What the task asks:
All lines from the one with "- by move=> _ [rho" to the end of the entries below must be written out exactly. Leave out any other line.

Items from a data source:
(* Let $\Pi$ be a policy class, $\pi_G$ a fixed goal-conditioned policy, $\rho^{e_1},\dots,\rho^{e_N}$ joint distributions over observations and goals (''source'' distributions, $E=\{e_1,\dots,e_N\}$) and $\rho^t$ a ''target'' joint distribution. Write $\epsilon^{e_i}=\epsilon^{\rho^{e_i}}$ and $\epsilon^t=\epsilon^{\rho^t}$. For weights $\alpha=(\alpha_1,\dots,\alpha_N)$ with $\alpha_i\in[0,1]$, $\sum_i\alpha_i=1$, let $$\lambda_\alpha=\inf_{\pi'\in\Pi}\Big[\sum_{i=1}^N\alpha_i\epsilon^{e_i}(\pi'\|\pi_G)+\epsilon^t(\pi'\|\pi_G)\Big],$$ let $\delta_E=\max_{e,e'\in E}d_{\Pi\Delta\Pi}(\rho^e,\rho^{e'})$, and let $B=B(\delta_E,E\mid\Pi)$. Then for every $\pi\in\Pi$, $$\epsilon^t(\pi\|\pi_G)\le \inf_\alpha\Big[\sum_{i=1}^N\alpha_i\epsilon^{e_i}(\pi\|\pi_G)+\lambda_\alpha\Big]+\delta_E+\inf_{\rho\in B}d_{\Pi\Delta\Pi}(\rho,\rho^t).$$
   Context: A goal-conditioned policy is a conditional distribution $\pi(a\mid x,g)$ over actions given an observation $x$ and goal $g$. $D_{\mathrm{TV}}(\pi_1(\cdot\mid x,g)\|\pi_2(\cdot\mid x,g))=\sup_{A'}|\pi_1(A'\mid x,g)-\pi_2(A'\mid x,g)|$ over measurable sets of actions $A'$. For a joint distribution $\rho(x,g)$, $\epsilon^{\rho}(\pi_1\|\pi_2)=\mathbb{E}_{(x,g)\sim\rho}[D_{\mathrm{TV}}(\pi_1(\cdot\mid x,g)\|\pi_2(\cdot\mid x,g))]$. For a policy class $\Pi$, $d_{\Pi\Delta\Pi}(\rho,\rho')=\sup_{\pi,\pi'\in\Pi}|\epsilon^{\rho}(\pi\|\pi')-\epsilon^{\rho'}(\pi\|\pi')|$. The characteristic set $B(\delta,E\mid\Pi)$ of a collection of joint distributions $\{\rho^{e_i}\}_{e_i\in E}$ is the set of all joint distributions $\rho(x,g)$ with $d_{\Pi\Delta\Pi}(\rho,\rho^{e_i})\le\delta$ for every $e_i\in E$. *)

From HB Require Import structures.
From mathcomp Require Import all_boot all_order all_algebra.
From mathcomp Require Import all_classical all_reals all_analysis.
From mathcomp Require Import measurable_realfun.
Set Implicit Arguments. Unset Strict Implicit. Unset Printing Implicit Defensive.
Import Order.TTheory GRing.Theory Num.Theory.
Local Open Scope classical_set_scope.
Local Open Scope ring_scope.
Local Open Scope ereal_scope.

Section PolicyDefs.
Context {d1 d2 d3 : measure_display} {X : measurableType d1}
  {G : measurableType d2} {A : measurableType d3} {R : realType}.

Notation policy := (X * G -> probability A R).
Notation joint := (probability (X * G)%type R).

Definition dTV (P Q : probability A R) : \bar R :=
  ereal_sup [set `|P B - Q B| | B in measurable].

Definition eps (rho : joint) (pi1 pi2 : policy) : \bar R :=
  \int[rho]_z dTV (pi1 z) (pi2 z).

Definition dPiPi (Pi : set policy) (rho rho' : joint) : \bar R :=
  ereal_sup [set `|eps rho p p' - eps rho' p p'| | p in Pi & p' in Pi].

Definition charset (Pi : set policy) (delta : \bar R) (N : nat)
  (rhoE : 'I_N -> joint) : set joint :=
  [set rho | forall i, dPiPi Pi rho (rhoE i) <= delta].

Definition deltaE (Pi : set policy) (N : nat) (rhoE : 'I_N -> joint) : \bar R :=
  ereal_sup [set dPiPi Pi (rhoE i) (rhoE j) | i in [set: 'I_N] & j in [set: 'I_N]].

Definition weights (N : nat) : set ('I_N -> R) :=
  [set alpha | (forall i, (0 <= alpha i <= 1)%R) /\ (\sum_(i < N) alpha i)%R = 1%R].

Definition lambda (Pi : set policy) (piG : policy) (N : nat)
  (rhoE : 'I_N -> joint) (rhot : joint) (alpha : 'I_N -> R) : \bar R :=
  ereal_inf [set (\sum_(i < N) (alpha i)%:E * eps (rhoE i) p piG) + eps rhot p piG
            | p in Pi].

End PolicyDefs.

From HB Require Import structures.
From mathcomp Require Import all_boot all_order all_algebra.
From mathcomp Require Import all_classical all_reals all_analysis.
From mathcomp Require Import measurable_realfun.
From mathcomp Require Import lra.
Import Order.TTheory GRing.Theory Num.Theory.
Local Open Scope classical_set_scope.
Local Open Scope ring_scope.
Local Open Scope ereal_scope.

(* For any p in Pi, the triangle inequality for the expected total variation
   through p gives eps^t(pi, piG) <= eps^t(pi, p) + eps^t(p, piG).  Moving from
   rho^t to any rho in B costs d(rho, rho^t) on eps(pi, p), and moving from rho
   to each source rho^{e_i} costs at most delta_E; averaging these source bounds
   with the weights alpha and splitting eps^{e_i}(pi, p) through piG yields
   sum_i alpha_i eps^{e_i}(pi, piG) + [sum_i alpha_i eps^{e_i}(p, piG) + eps^t(p, piG)]
   + delta_E + d(rho, rho^t).  Taking infima over p, alpha and rho concludes. *)

Lemma abse_subC (R : realDomainType) (x y : \bar R) : `|x - y| = `|y - x|.
Proof. by case: x y => [x| |] [y| |] //=; rewrite distrC. Qed.

Section TotalVariation.
Context {d : measure_display} {A : measurableType d} {R : realType}.
Implicit Types P Q S : probability A R.

Lemma probabilityE P {B} : measurable B -> exists2 p : R, P B = p%:E & (0 <= p <= 1)%R.
Proof.
move=> mB; exists (fine (P B)); first by rewrite fineK ?fin_num_measure.
rewrite fine_ge0 //= -lee_fin fineK ?fin_num_measure //.
exact: probability_le1.
Qed.

Lemma abs_sub_le_dTV P Q {B} : measurable B -> `|P B - Q B| <= dTV P Q.
Proof. by move=> mB; apply: ereal_sup_ubound; exists B. Qed.

Lemma dTV_ge0 P Q : 0 <= dTV P Q.
Proof. by have := abs_sub_le_dTV P Q measurable0; rewrite !measure0 subee // abse0. Qed.

Lemma dTV_le1 P Q : dTV P Q <= 1.
Proof.
apply: ge_ereal_sup => _ [B mB <-].
have [p -> /andP[p0 p1]] := probabilityE P mB.
have [q -> /andP[q0 q1]] := probabilityE Q mB.
by rewrite -EFinB abse_EFin lee_fin ler_norml; apply/andP; split; lra.
Qed.

Lemma dTVC P Q : dTV P Q = dTV Q P.
Proof.
rewrite /dTV; congr ereal_sup; apply: eq_imagel => B mB.
have [p -> _] := probabilityE P mB; have [q -> _] := probabilityE Q mB.
by rewrite -!EFinB !abse_EFin distrC.
Qed.

Lemma dTV_triangle P Q S : dTV P Q <= dTV P S + dTV S Q.
Proof.
apply: ge_ereal_sup => _ [B mB <-].
apply: le_trans (leeD (abs_sub_le_dTV P S mB) (abs_sub_le_dTV S Q mB)).
have [p -> _] := probabilityE P mB; have [q -> _] := probabilityE Q mB.
have [s -> _] := probabilityE S mB.
by rewrite -!EFinB !abse_EFin -EFinD lee_fin ler_distD.
Qed.

End TotalVariation.

Section Weights.
Context {R : realType} {N : nat}.
Implicit Types (alpha : 'I_N -> R) (y : 'I_N -> \bar R).

Lemma weights_ge0 alpha : weights alpha -> forall i, (0 <= alpha i)%R.
Proof. by move=> [alpha01 _] i; case/andP: (alpha01 i). Qed.

Lemma weights_sume_cst alpha (c : \bar R) :
  weights alpha -> \sum_(i < N) (alpha i)%:E * c = c.
Proof.
move=> walpha; rewrite -ge0_sume_distrl => [|i _]; last by rewrite lee_fin weights_ge0.
by rewrite sumEFin walpha.2 mul1e.
Qed.

Lemma le_weighted_sume alpha x y :
  weights alpha -> (forall i, x <= y i) -> x <= \sum_(i < N) (alpha i)%:E * y i.
Proof.
move=> walpha xy; rewrite -{1}(weights_sume_cst alpha x walpha).
by apply: lee_sum => i _; apply: lee_wpmul2l; rewrite ?lee_fin ?weights_ge0.
Qed.

Lemma weighted_sumeD_cst alpha y (c : \bar R) : weights alpha ->
  (forall i, 0 <= y i) -> 0 <= c ->
  \sum_(i < N) (alpha i)%:E * (y i + c) = \sum_(i < N) (alpha i)%:E * y i + c.
Proof.
move=> walpha y0 c0; rewrite -[in RHS](weights_sume_cst alpha c walpha) -big_split /=.
by apply: eq_bigr => i _; rewrite ge0_muleDr.
Qed.

Lemma weighted_sume_ge0 alpha y :
  weights alpha -> (forall i, 0 <= y i) -> 0 <= \sum_(i < N) (alpha i)%:E * y i.
Proof.
move=> walpha y0; apply: sume_ge0 => i _.
by apply: mule_ge0; rewrite ?lee_fin ?weights_ge0.
Qed.

End Weights.

Section ExpectedTotalVariation.
Context {d1 d2 d3 : measure_display} {X : measurableType d1}
  {G : measurableType d2} {A : measurableType d3} {R : realType}.
Local Notation policy := (X * G -> probability A R).
Local Notation joint := (probability (X * G)%type R).
Implicit Types (rho : joint) (p q s : policy).

Definition measurable_dTV p q :=
  measurable_fun [set: X * G] (fun z => dTV (p z) (q z) : \bar R).

Lemma eps_ge0 rho p q : 0 <= eps rho p q.
Proof. by apply: integral_ge0 => z _; exact: dTV_ge0. Qed.

Lemma eps_fin_num rho p q : measurable_dTV p q -> eps rho p q \is a fin_num.
Proof.
move=> mpq; rewrite ge0_fin_numE ?eps_ge0 //; apply: (@le_lt_trans _ _ 1); last exact: ltey.
apply: le_trans (ge0_le_integral (f2 := cst 1) _ _ _ _ _ _) _ => //.
- by move=> z _; exact: dTV_ge0.
- by move=> z _; exact: dTV_le1.
- by rewrite integral_cst // mul1e; exact: probability_le1.
Qed.

Lemma epsC rho p q : eps rho p q = eps rho q p.
Proof. by apply: eq_integral => z _; exact: dTVC. Qed.

Lemma eps_triangle rho {p q s} :
  measurable_dTV p q -> measurable_dTV p s -> measurable_dTV s q ->
  eps rho p q <= eps rho p s + eps rho s q.
Proof.
move=> mpq mps msq; rewrite /eps -ge0_integralD //; last 2 first.
- by move=> z _; exact: dTV_ge0.
- by move=> z _; exact: dTV_ge0.
apply: ge0_le_integral => //.
- by move=> z _; exact: dTV_ge0.
- exact: emeasurable_funD.
- by move=> z _; exact: dTV_triangle.
Qed.

Lemma dPiPi_ge0 {Pi : set policy} {p} rho rho' : Pi p -> 0 <= dPiPi Pi rho rho'.
Proof.
move=> Pip; apply: le_trans (ereal_sup_ubound _); last by exists p => //; exists p.
exact: abse_ge0.
Qed.

Lemma dPiPiC (Pi : set policy) rho rho' : dPiPi Pi rho rho' = dPiPi Pi rho' rho.
Proof.
rewrite /dPiPi; congr ereal_sup; apply/seteqP; split=> _ [p Pip [q Piq <-]];
  by exists p => //; exists q => //; rewrite abse_subC.
Qed.

Lemma eps_le_dPiPi {Pi : set policy} rho rho' {p q} : Pi p -> Pi q ->
  measurable_dTV p q -> eps rho p q <= eps rho' p q + dPiPi Pi rho rho'.
Proof.
move=> Pip Piq mpq; rewrite -leeBlDl ?eps_fin_num //.
by apply: le_trans (lee_abs _) _; apply: ereal_sup_ubound; exists p => //; exists q.
Qed.

Lemma deltaE_ge0 {Pi : set policy} {p N} (rhoE : 'I_N -> joint) :
  (0 < N)%N -> Pi p -> 0 <= deltaE Pi rhoE.
Proof.
move=> N_gt0 Pip; pose i0 := Ordinal N_gt0.
apply: le_trans (ereal_sup_ubound _); last by exists i0 => //; exists i0.
exact: dPiPi_ge0 _ _ Pip.
Qed.

Lemma lambda_ge0 (Pi : set policy) piG N (rhoE : 'I_N -> joint) rhot
    (alpha : 'I_N -> R) :
  weights alpha -> 0 <= lambda Pi piG rhoE rhot alpha.
Proof.
move=> walpha; apply: le_ereal_inf_tmp => _ [p _ <-].
by apply: adde_ge0; [apply: weighted_sume_ge0 => // i|]; exact: eps_ge0.
Qed.

End ExpectedTotalVariation.

Lemma ereal_inf_ge_addr (R : realType) (S : set (\bar R)) (x y : \bar R) :
  0 <= y -> (forall s, S s -> 0 <= s) -> (forall s, S s -> x <= s + y) ->
  x <= ereal_inf S + y.
Proof.
move=> y0 S0 xSy; have [->|ynoo] := eqVneq y +oo.
  by rewrite addey ?leey // gt_eqF // (lt_le_trans _ (le_ereal_inf_tmp S0)) ?ltNy0.
have yfin : y \is a fin_num by rewrite ge0_fin_numE // ltey.
by rewrite -leeBlDr //; apply: le_ereal_inf_tmp => s Ss; rewrite leeBlDr // xSy.
Qed.

Section TargetBound.
Context {d1 d2 d3 : measure_display} {X : measurableType d1}
  {G : measurableType d2} {A : measurableType d3} {R : realType}.
Local Notation policy := (X * G -> probability A R).
Local Notation joint := (probability (X * G)%type R).
Variables (Pi : set policy) (piG : policy) (N : nat) (rhoE : 'I_N -> joint).
Hypothesis hmeas : forall p q, (Pi `|` [set piG]) p -> (Pi `|` [set piG]) q ->
  measurable_dTV p q.

Let mPi {p q} : Pi p -> Pi q -> measurable_dTV p q.
Proof. by move=> Pip Piq; apply: hmeas; left. Qed.

Let mPiG {p} : Pi p -> measurable_dTV p piG.
Proof. by move=> Pip; apply: hmeas; [left|right]. Qed.

Let mGPi {p} : Pi p -> measurable_dTV piG p.
Proof. by move=> Pip; apply: hmeas; [right|left]. Qed.

Lemma eps_le_weighted_sources {alpha : 'I_N -> R} {delta} rho {p q} :
  weights alpha -> 0 <= delta -> charset Pi delta rhoE rho -> Pi p -> Pi q ->
  eps rho p q <= \sum_(i < N) (alpha i)%:E * eps (rhoE i) p q + delta.
Proof.
move=> walpha delta0 Brho Pip Piq.
rewrite -weighted_sumeD_cst // => [|i]; last exact: eps_ge0.
apply: le_weighted_sume => // i.
exact: le_trans (eps_le_dPiPi rho (rhoE i) Pip Piq (mPi Pip Piq)) (leeD (lexx _) (Brho i)).
Qed.

Lemma eps_le_via_piG (rho : joint) {p q} : Pi p -> Pi q ->
  eps rho p q <= eps rho p piG + eps rho q piG.
Proof.
move=> Pip Piq; rewrite [eps rho q _]epsC.
exact (eps_triangle rho (mPi Pip Piq) (mPiG Pip) (mGPi Piq)).
Qed.

Lemma eps_target_le (rhot : joint) (alpha : 'I_N -> R) delta rho pi p :
  weights alpha -> 0 <= delta -> charset Pi delta rhoE rho -> Pi pi -> Pi p ->
  eps rhot pi piG <=
    \sum_(i < N) (alpha i)%:E * eps (rhoE i) pi piG
    + (\sum_(i < N) (alpha i)%:E * eps (rhoE i) p piG + eps rhot p piG)
    + delta + dPiPi Pi rho rhot.
Proof.
move=> walpha delta0 Brho Pipi Pip.
have via_p : eps rhot pi piG <= eps rhot pi p + eps rhot p piG.
  exact (eps_triangle rhot (mPiG Pipi) (mPi Pipi Pip) (mPiG Pip)).
have to_rho : eps rhot pi p <= eps rho pi p + dPiPi Pi rho rhot.
  by rewrite dPiPiC; exact (eps_le_dPiPi rhot rho Pipi Pip (mPi Pipi Pip)).
have to_sources := eps_le_weighted_sources rho walpha delta0 Brho Pipi Pip.
have split_sources : \sum_(i < N) (alpha i)%:E * eps (rhoE i) pi p <=
    \sum_(i < N) (alpha i)%:E * eps (rhoE i) pi piG
    + \sum_(i < N) (alpha i)%:E * eps (rhoE i) p piG.
  rewrite -big_split /=; apply: lee_sum => i _.
  rewrite -ge0_muleDr ?eps_ge0 //; apply: lee_wpmul2l; first by rewrite lee_fin weights_ge0.
  exact: eps_le_via_piG.
have chain := le_trans via_p (leeD (le_trans to_rho
  (leeD (le_trans to_sources (leeD split_sources (lexx delta))) (lexx _))) (lexx _)).
by rewrite addeA (addeAC _ (eps rhot p piG)) (addeAC _ (eps rhot p piG)).
Qed.

End TargetBound.

Theorem proposition3 (d1 d2 d3 : measure_display) (X : measurableType d1)
  (G : measurableType d2) (A : measurableType d3) (R : realType)
  (Pi : set (X * G -> probability A R)) (piG : X * G -> probability A R)
  (N : nat) (rhoE : 'I_N -> probability (X * G)%type R)
  (rhot : probability (X * G)%type R)
  (hN : (0 < N)%N)
  (hmeas : forall p1 p2, (Pi `|` [set piG]) p1 -> (Pi `|` [set piG]) p2 ->
     measurable_fun [set: X * G] (fun z => dTV (p1 z) (p2 z) : \bar R)) :
  forall pi, Pi pi ->
  eps rhot pi piG <=
    ereal_inf [set (\sum_(i < N) (alpha i)%:E * eps (rhoE i) pi piG)
                   + lambda Pi piG rhoE rhot alpha | alpha in @weights R N]
    + deltaE Pi rhoE
    + ereal_inf [set dPiPi Pi rho rhot | rho in charset Pi (deltaE Pi rhoE) rhoE].
Proof.
move=> pi Pipi.
have delta0 := deltaE_ge0 rhoE hN Pipi.
set dist_B := ereal_inf [set dPiPi Pi rho rhot | rho in _].
have dist_B0 : 0 <= dist_B.
  by apply: le_ereal_inf_tmp => _ [rho _ <-]; exact: dPiPi_ge0 _ _ Pipi.
have weighted_ge0 alpha p : weights alpha ->
    0 <= \sum_(i < N) (alpha i)%:E * eps (rhoE i) p piG.
  by move=> walpha; apply: weighted_sume_ge0 => // i; exact: eps_ge0.
rewrite -addeA; apply: ereal_inf_ge_addr => [||_ [alpha walpha <-]].
- exact: adde_ge0.
- by move=> _ [alpha walpha <-]; apply: adde_ge0; [exact: weighted_ge0|exact: lambda_ge0].
rewrite (addeC (\sum_(i < N) _)) -addeA.
apply: ereal_inf_ge_addr => [||_ [p Pip <-]].
- by apply: adde_ge0; [exact: weighted_ge0|exact: adde_ge0].
- by move=> _ [p _ <-]; apply: adde_ge0; [exact: weighted_ge0|exact: eps_ge0].
rewrite addeCA 2!addeA [X in _ <= X]addeC.
apply: ereal_inf_ge_addr => [||_ [rho Brho <-]].
- apply: adde_ge0 => //; apply: adde_ge0; first exact: weighted_ge0.
  by apply: adde_ge0; [exact: weighted_ge0|exact: eps_ge0].
- by move=> _ [rho _ <-]; exact: dPiPi_ge0 _ _ Pipi.
by rewrite [X in _ <= X]addeC; apply: eps_target_le.
Qed.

Finished exercise:
- by move=> _ [rho _ <-]; exact: dPiPi_ge0 _ _ Pipi.
by rewrite [X in _ <= X]addeC; apply: eps_target_le.
Qed.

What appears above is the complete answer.